Lemma dot3_orth_sym (m n : pt3) :
  n <> (0, 0, 0) -> (forall w, dot3 m w = 0 -> dot3 n w = 0) ->
  forall w, dot3 n w = 0 -> dot3 m w = 0.
Proof.
  destruct m as [[m1 m2] m3], n as [[n1 n2] n3].
  intros Hn Hmn [[w1 w2] w3]; rewrite !dot3E; intro Hw.
  (* testing the hypothesis on m x e_1, m x e_2, m x e_3 shows n x m = 0 *)
  assert (x1 := Hmn (0, m3, - m2) ltac:(rewrite dot3E; ring)).
  assert (x2 := Hmn (m3, 0, - m1) ltac:(rewrite dot3E; ring)).
  assert (x3 := Hmn (m2, - m1, 0) ltac:(rewrite dot3E; ring)).
  rewrite dot3E in x1, x2, x3.
  set (mw := m1 * w1 + m2 * w2 + m3 * w3).
  destruct (Req_dec mw 0) as [|Hmw]; [assumption|exfalso; apply Hn].
  assert (E1 : n1 * mw = m1 * (n1 * w1 + n2 * w2 + n3 * w3)
                         + w2 * (n1 * m2 + n2 * - m1 + n3 * 0)
                         + w3 * (n1 * m3 + n2 * 0 + n3 * - m1)) by (unfold mw; ring).
  assert (E2 : n2 * mw = m2 * (n1 * w1 + n2 * w2 + n3 * w3)
                         - w1 * (n1 * m2 + n2 * - m1 + n3 * 0)
                         + w3 * (n1 * 0 + n2 * m3 + n3 * - m2)) by (unfold mw; ring).
  assert (E3 : n3 * mw = m3 * (n1 * w1 + n2 * w2 + n3 * w3)
                         - w1 * (n1 * m3 + n2 * 0 + n3 * - m1)
                         - w2 * (n1 * 0 + n2 * m3 + n3 * - m2)) by (unfold mw; ring).
  rewrite Hw, x3, x2 in E1; rewrite Hw, x3, x1 in E2; rewrite Hw, x2, x1 in E3.
  assert (n1 = 0) by (apply (Rmult_eq_reg_r mw); [lra|exact Hmw]).
  assert (n2 = 0) by (apply (Rmult_eq_reg_r mw); [lra|exact Hmw]).
  assert (n3 = 0) by (apply (Rmult_eq_reg_r mw); [lra|exact Hmw]).
  now subst.
Qed.

Definition normal_plane (n : pt3) (p : pt3) : Prop := dot3 n p = 0.

Lemma same_normal_plane (m n : pt3) :
  n <> (0, 0, 0) -> (forall w, dot3 m w = 0 -> dot3 n w = 0) ->
  same_set (normal_plane n) (normal_plane m).
Proof.
  intros Hn Hmn w; unfold normal_plane; split.
  - exact (dot3_orth_sym m n Hn Hmn w).
  - exact (Hmn w).
Qed.

Lemma is_circle3_ext (S S' : pt3 -> Prop) : same_set S S' -> is_circle3 S -> is_circle3 S'.
Proof.
  intros HS (ctr & m & r & Hm & Hr & Hc).
  exists ctr, m, r; split; [exact Hm|]; split; [exact Hr|].
  intro p; rewrite <- (HS p); apply Hc.
Qed.

Lemma sphere_plane_is_circle3 (n c : pt3) (d R2 : R) :
  n <> (0, 0, 0) -> (d - dot3 n c) ^ 2 < R2 * dot3 n n ->
  is_circle3 (fun p => dot3 n p = d /\ dot3 (sub3 p c) (sub3 p c) = R2).
Proof.
  intros Hn Hlt; pose proof (dot3_self_pos n Hn) as HN.
  destruct n as [[n1 n2] n3], c as [[c1 c2] c3]; rewrite !dot3E in *.
  set (N := n1 * n1 + n2 * n2 + n3 * n3) in *.
  set (nc := n1 * c1 + n2 * c2 + n3 * c3) in *.
  set (k := (d - nc) / N).
  assert (hk : k * N = d - nc) by (unfold k; field; lra).
  assert (Hrad : 0 < R2 - k ^ 2 * N).
  { apply (Rmult_lt_reg_r N); [lra|].
    replace ((R2 - k ^ 2 * N) * N) with (R2 * N - (k * N) ^ 2) by ring.
    rewrite hk; lra. }
  (* the centre is the foot of the perpendicular from c to the plane *)
  exists (c1 + k * n1, c2 + k * n2, c3 + k * n3), (n1, n2, n3), (sqrt (R2 - k ^ 2 * N)).
  split; [exact Hn|]; split; [now apply sqrt_lt_R0|].
  intros [[x y] z]; rewrite !sub3E, !dot3E, pow2_sqrt by lra.
  set (np := n1 * x + n2 * y + n3 * z).
  assert (E1 : (x - (c1 + k * n1)) * n1 + (y - (c2 + k * n2)) * n2 + (z - (c3 + k * n3)) * n3
               = np - nc - k * N) by (unfold np, nc, N; ring).
  assert (E2 : (x - (c1 + k * n1)) * (x - (c1 + k * n1)) + (y - (c2 + k * n2)) * (y - (c2 + k * n2))
               + (z - (c3 + k * n3)) * (z - (c3 + k * n3))
               = (x - c1) * (x - c1) + (y - c2) * (y - c2) + (z - c3) * (z - c3)
                 - 2 * k * (np - nc) + k ^ 2 * N) by (unfold np, nc, N; ring).
  rewrite E1, E2; split; intros [h1 h2].
  - rewrite h1, h2, <- hk; split; ring.
  - assert (h3 : np = d) by lra.
    split; [exact h3|]. rewrite h3, <- hk in h2; lra.
Qed.

Lemma circle_chord (S : pt3 -> Prop) (c1 c2 c3 : R) (m : pt3) (r : R) :
  (forall p, S p <-> dot3 (sub3 p (c1, c2, c3)) m = 0 /\
                    dot3 (sub3 p (c1, c2, c3)) (sub3 p (c1, c2, c3)) = r ^ 2) ->
  forall w1 w2 w3 l, dot3 m (w1, w2, w3) = 0 ->
  l ^ 2 * dot3 (w1, w2, w3) (w1, w2, w3) = r ^ 2 ->
  S (c1 + l * w1, c2 + l * w2, c3 + l * w3).
Proof.
  intros Hc w1 w2 w3 l Hw Hl; destruct m as [[m1 m2] m3]; rewrite !dot3E in Hw, Hl.
  apply Hc; rewrite !sub3E, !dot3E; split.
  - transitivity (l * (m1 * w1 + m2 * w2 + m3 * w3)); [ring|rewrite Hw; ring].
  - rewrite <- Hl; ring.
Qed.

Definition diag_form (A B C : R) (p : pt3) : R :=
  let '(x, y, z) := p in A * x ^ 2 + B * y ^ 2 + C * z ^ 2.

Definition diag_cone (A B C : R) (p : pt3) : Prop := diag_form A B C p = 0.

Lemma cone_diag_cone (a b c : R) :
  same_set (cone a b c) (diag_cone (/ a ^ 2) (/ b ^ 2) (- / c ^ 2)).
Proof.
  intros [[x y] z]; unfold cone, diag_cone, diag_form, Rdiv.
  replace (x ^ 2 * / a ^ 2 + y ^ 2 * / b ^ 2 - z ^ 2 * / c ^ 2)
    with (/ a ^ 2 * x ^ 2 + / b ^ 2 * y ^ 2 + - / c ^ 2 * z ^ 2) by ring.
  reflexivity.
Qed.

Lemma cyclic_plane_ext (K K' P P' : pt3 -> Prop) :
  same_set K K' -> same_set P P' -> cyclic_plane K P -> cyclic_plane K' P'.
Proof.
  intros HK HP (n & Hn & HnP & Hc).
  exists n; split; [exact Hn|]; split.
  - intro p; rewrite <- (HP p); apply HnP.
  - intros d Hd; apply (is_circle3_ext _ _ (fun p => and_iff_compat_l _ (HK p)) (Hc d Hd)).
Qed.

Section DiagonalCone.

Variables A B C : R.

Lemma cyclic_plane_diag_cone (s u : R) :
  0 < A -> C < 0 -> s ^ 2 = B - A -> u ^ 2 = A - C ->
  cyclic_plane (diag_cone A B C) (normal_plane (0, s, u)).
Proof.
  intros HA HC Hs Hu.
  assert (Hn : (0, s, u) <> (0, 0, 0)) by (intro h; injection h as _ ->; nra).
  exists (0, s, u); split; [exact Hn|]; split; [intro p; reflexivity|].
  intros d Hd.
  set (c := (0, - d * s / (2 * A), d * u / (2 * A))).
  set (R2 := d ^ 2 * (s ^ 2 + u ^ 2) / (4 * A ^ 2)).
  (* Q = A |p|^2 + (s y + u z)(s y - u z), so on the plane s y + u z = d the
     cone is the sphere of centre c and squared radius R2 *)
  assert (E : forall x y z, s * y + u * z = d ->
            diag_form A B C (x, y, z) = A * (dot3 (sub3 (x, y, z) c) (sub3 (x, y, z) c) - R2)).
  { intros x y z Hp; unfold c, R2, diag_form; rewrite sub3E, dot3E, <- Hp.
    replace B with (s ^ 2 + A) by lra; replace C with (A - u ^ 2) by lra.
    field; lra. }
  apply (is_circle3_ext (fun p => dot3 (0, s, u) p = d /\ dot3 (sub3 p c) (sub3 p c) = R2)).
  - intros [[x y] z]; unfold diag_cone; rewrite dot3E.
    split; intros [h1 h2]; split; try exact h1; rewrite E in * by lra.
    + rewrite h2; ring.
    + apply Rmult_integral in h2 as [h2|h2]; lra.
  - apply sphere_plane_is_circle3; [exact Hn|].
    assert (Hd2 : 0 < d ^ 2) by (apply pow2_gt_0; exact Hd).
    assert (Hpos : 0 < d ^ 2 * ((s ^ 2 + A) * (u ^ 2 - A)) / A ^ 2).
    { apply Rdiv_lt_0_compat; [apply Rmult_lt_0_compat; [exact Hd2|]|]; nra. }
    enough (R2 * dot3 (0, s, u) (0, s, u) - (d - dot3 (0, s, u) c) ^ 2
            = d ^ 2 * ((s ^ 2 + A) * (u ^ 2 - A)) / A ^ 2) by lra.
    unfold c, R2; rewrite !dot3E; field; lra.
Qed.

══════════════════════════════

> _WHAT YOU SHOULD DO_
Return, word for word, every line from the top of the entries down to the line that holds "intros Hn Hmn [[w1", both included.

> _ANSWER BOX_
Lemma dot3_orth_sym (m n : pt3) :
  n <> (0, 0, 0) -> (forall w, dot3 m w = 0 -> dot3 n w = 0) ->
  forall w, dot3 n w = 0 -> dot3 m w = 0.
Proof.
  destruct m as [[m1 m2] m3], n as [[n1 n2] n3].
  intros Hn Hmn [[w1 w2] w3]; rewrite !dot3E; intro Hw.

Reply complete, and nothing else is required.